Andreas Katsiotis

The chromosomal distributions of Ty1-copia group retrotransposable elements in higher plants and their implications for genome evolution

Retrotransposons make up a major fraction – sometimes more than 40% – of all plant genomes investigated so far. We have isolated the reverse transcriptase domains of the Ty1-copia group elements from several species, ranging in genome size from some 100 Mbp to 23 000 Mbp, and determined the distribution patterns of these retrotransposons on metaphase chromosomes and within interphase nuclei by DNA:DNA in situ hybridization. With some exceptions, the reverse transcriptase domains were distributed over the length of the chromosomes. Exclusion from rDNA sites and some centromeres (e.g., slash pine, 23 000 Mbp, or barley, 5500 Mbp) is frequent, whereas many species exclude retrotransposons from other sites of heterochromatin (e.g., intercalary and centromeric sites in broad bean).

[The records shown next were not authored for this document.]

(* Let $\mathcal{K}$ be a connected simplicial complex, $(Z,d_Z)$ a metric space and $F:\mathrm{vert}(\mathcal{K})\to Z$ a function. Then the $F$-induced distance $d_F$ is a path-dominated distance function.
   Context: The $F$-induced distance is $d_F(x,y)=\min_{\pi}\max_{u\in\pi}d_Z(F(x),F(u))$, the minimum over all paths $\pi$ in the $1$-skeleton of $\mathcal{K}$ from $x$ to $y$. A function $d:\mathrm{vert}(\mathcal{K})\times\mathrm{vert}(\mathcal{K})\to\mathbb{R}_{\ge0}$ is path-dominated if (i) $d(x,y)\ge0$ and $d(x,x)=0$ for all vertices, and (ii) for any vertices $x,y$ there is a path $\pi^*$ from $x$ to $y$ in the $1$-skeleton with $d(x,y)=\max_{u\in\mathrm{vert}(\pi^* )}d(x,u)$. *)

From HB Require Import structures.
From mathcomp Require Import all_boot all_order all_algebra.
From mathcomp Require Import classical_sets reals.
Set Implicit Arguments. Unset Strict Implicit. Unset Printing Implicit Defensive.
Import Order.TTheory GRing.Theory Num.Theory.
Local Open Scope ring_scope.

(* A (finite, abstract) simplicial complex on the vertex set V:
   a family of nonempty finite subsets closed under taking nonempty subsets,
   and every element of V is a vertex (so vert(K) = V). *)
Definition is_simplicial_complex (V : finType) (K : {set {set V}}) : Prop :=
  [/\ (finset.set0 : {set V}) \notin K,
      (forall s t : {set V}, s \in K -> t \subset s -> t != finset.set0 -> t \in K)
    & (forall v : V, [set v] \in K)].

Definition skel1 (V : finType) (K : {set {set V}}) : rel V :=
  fun x y => (x != y) && ([set x; y] \in K).

(* x :: p is a path in the 1-skeleton from x to y; its vertices are x :: p. *)
Definition Kpath (V : finType) (K : {set {set V}}) (x : V) (p : seq V) (y : V)
  : Prop := path (skel1 K) x p /\ last x p = y.

Definition Kconnected (V : finType) (K : {set {set V}}) : Prop :=
  forall x y : V, exists p, Kpath K x p y.

(* maximum of f over the vertices x :: p of a path (f is nonnegative in use) *)
Definition pmax (R : realType) (V : Type) (f : V -> R) (x : V) (p : seq V) : R :=
  \big[Num.max/0]_(u <- x :: p) f u.

Definition is_metric (R : realType) (Z : Type) (dZ : Z -> Z -> R) : Prop :=
  [/\ forall a b, 0 <= dZ a b,
      forall a b, dZ a b = 0 <-> a = b,
      forall a b, dZ a b = dZ b a
    & forall a b c, dZ a c <= dZ a b + dZ b c].

Local Open Scope classical_set_scope.

(* The F-induced distance: min (taken as inf) over paths of the max of
   d_Z(F x, F u) over the vertices u of the path. *)
Definition dF (R : realType) (V : finType) (Z : Type) (K : {set {set V}})
  (dZ : Z -> Z -> R) (F : V -> Z) (x y : V) : R :=
  inf [set pmax (fun u => dZ (F x) (F u)) x p | p in [set p | Kpath K x p y]].

Definition path_dominated (R : realType) (V : finType) (K : {set {set V}})
  (d : V -> V -> R) : Prop :=
  [/\ forall x y, 0 <= d x y,
      forall x, d x x = 0
    & forall x y, exists p, Kpath K x p y /\ d x y = pmax (d x) x p].

From mathcomp Require Import all_boot all_order all_algebra.
From mathcomp Require Import boolp classical_sets reals.
Import Order.TTheory GRing.Theory Num.Theory.

(* The cost max_{u in x :: p} d_Z(F x, F u) of a path takes only finitely many
   values, so the infimum defining d_F is attained by some path p from x to y.
   Every vertex u of p is reached from x by a prefix of p, whose cost bounds
   d_F(x, u) by d_F(x, y); and y itself lies on p.  Only connectedness and
   d_Z(a, a) = 0 are used, so the argument is run for an arbitrary weight
   w x u in place of d_Z(F x, F u). *)

Local Open Scope ring_scope.
Local Open Scope classical_set_scope.

Section PathMax.
Set Implicit Arguments. Unset Strict Implicit.
Variable R : realType.

Lemma pmax_ge0 (V : Type) (f : V -> R) x p : 0 <= pmax f x p.
Proof. exact: bigmax_ge_id. Qed.

Lemma le_pmax (V : eqType) (f : V -> R) x p u :
  u \in x :: p -> f u <= pmax f x p.
Proof. by move=> u_p; apply: le_bigmax_seq. Qed.

Lemma pmax_le (V : eqType) (f : V -> R) x p c :
  0 <= c -> (forall u, u \in x :: p -> f u <= c) -> pmax f x p <= c.
Proof. by rewrite /pmax big_seq; apply: bigmax_le. Qed.

Lemma pmax_subset (V : eqType) (f : V -> R) x p q :
  {subset x :: q <= x :: p} -> pmax f x q <= pmax f x p.
Proof.
move=> sub_qp; apply: pmax_le => [|u u_q]; first exact: pmax_ge0.
by apply: le_pmax; apply: sub_qp.
Qed.

Lemma pmax_in_codom (V : finType) (f : V -> R) x p :
  pmax f x p \in 0 :: codom f.
Proof.
rewrite /pmax; elim/big_ind: _ => [|a b a_in b_in|u _]; first exact: mem_head.
- by rewrite maxEle; case: ifP.
- by rewrite inE codom_f orbT.
Qed.

Lemma inf_in_sub_seq (S : set R) (s : seq R) :
  S !=set0 -> S `<=` [set a | a \in s] -> S (inf S).
Proof.
move=> [a0 Sa0] sub_Ss.
pose m := \big[Num.min/a0]_(b <- s | `[< S b >]) b.
have Sm : S m.
  rewrite /m; elim/big_ind: _ => // [a b Sa Sb|b /asboolP //].
  by rewrite minEle; case: ifP.
have m_lb : lbound S m.
  by move=> b Sb; apply: ge_bigmin_seq; [exact: sub_Ss | exact/asboolP].
suff -> : inf S = m by [].
apply/le_anti/andP; split; first by apply: ge_inf => //; exists m.
by apply: lb_le_inf => //; exists a0.
Qed.

End PathMax.

Section MinimaxDistance.
Set Implicit Arguments. Unset Strict Implicit.
Variables (R : realType) (V : finType) (K : {set {set V}}) (w : V -> V -> R).

Lemma Kpath_prefix x p y u :
  Kpath K x p y -> u \in x :: p ->
  exists2 q, Kpath K x q u & {subset x :: q <= x :: p}.
Proof.
move=> [xp _] u_p; case/splitPl: p / u_p xp => q r last_q.
rewrite cat_path => /andP[xq _]; exists q => // v.
by rewrite !inE mem_cat => /orP[->|->]; rewrite ?orbT.
Qed.

Definition minimax (x y : V) : R :=
  inf [set pmax (w x) x p | p in [set p | Kpath K x p y]].

Lemma minimax_le_pmax x p y : Kpath K x p y -> minimax x y <= pmax (w x) x p.
Proof.
move=> pxy; apply: ge_inf; last by exists p.
by exists 0 => _ [q _ <-]; apply: pmax_ge0.
Qed.

Hypothesis K_connected : Kconnected K.

Lemma minimax_attained x y :
  exists2 p, Kpath K x p y & minimax x y = pmax (w x) x p.
Proof.
have [p pxy] := K_connected x y.
pose S := [set pmax (w x) x q | q in [set q | Kpath K x q y]].
have : S (inf S).
  apply: (@inf_in_sub_seq _ _ (0 :: codom (w x))).
  - by exists (pmax (w x) x p), p.
  - by move=> _ [q _ <-]; apply: pmax_in_codom.
by case=> q qxy inf_q; exists q.
Qed.

Lemma minimax_ge0 x y : 0 <= minimax x y.
Proof. by have [p _ ->] := minimax_attained x y; apply: pmax_ge0. Qed.

Lemma minimax_path_dominated :
  (forall x, w x x = 0) -> path_dominated K minimax.
Proof.
move=> w_refl; split=> [x y|x|x y]; first exact: minimax_ge0.
  have x_path : Kpath K x [::] x by split.
  apply/le_anti; rewrite minimax_ge0 andbT.
  apply: le_trans (minimax_le_pmax x_path) _.
  by apply: pmax_le => // u; rewrite mem_seq1 => /eqP ->; rewrite w_refl.
have [p pxy Ep] := minimax_attained x y; exists p; split=> //.
apply/le_anti/andP; split; first by case: pxy => _ <-; apply/le_pmax/mem_last.
rewrite Ep; apply: pmax_le => [|u u_p]; first exact: pmax_ge0.
have [q qxu sub_qp] := Kpath_prefix pxy u_p.
exact: le_trans (minimax_le_pmax qxu) (pmax_subset _ sub_qp).
Qed.

End MinimaxDistance.

Theorem claim3 (R : realType) (V : finType) (K : {set {set V}})
  (Z : Type) (dZ : Z -> Z -> R) (F : V -> Z) :
  is_simplicial_complex K -> Kconnected K -> is_metric dZ ->
  path_dominated K (dF K dZ F).
Proof.
move=> _ K_connected [_ dZ_eq0 _ _].
apply: (minimax_path_dominated K_connected) => x.
exact/dZ_eq0.
Qed.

In contrast, in the plant Arabidopsis thaliana, widely used for plant molecular genetic studies because of its small genome (c. 100 Mbp), the Ty1-copia group reverse transcriptase gene domains are concentrated in the centromeric regions, collocalizing with the 180 bp satellite sequence pAL1. Unlike the pAL1 sequence, however, the Ty1-copia signal is also detectable as weaker, diffuse hybridization along the lengths of the chromosomes. Possible mechanisms for evolution of the contrasting distributions are discussed. Understanding the physical distribution of retrotransposons and comparisons of the distribution between species is critical to understanding their evolution and the significance for generation of the new patterns of variability and in speciation.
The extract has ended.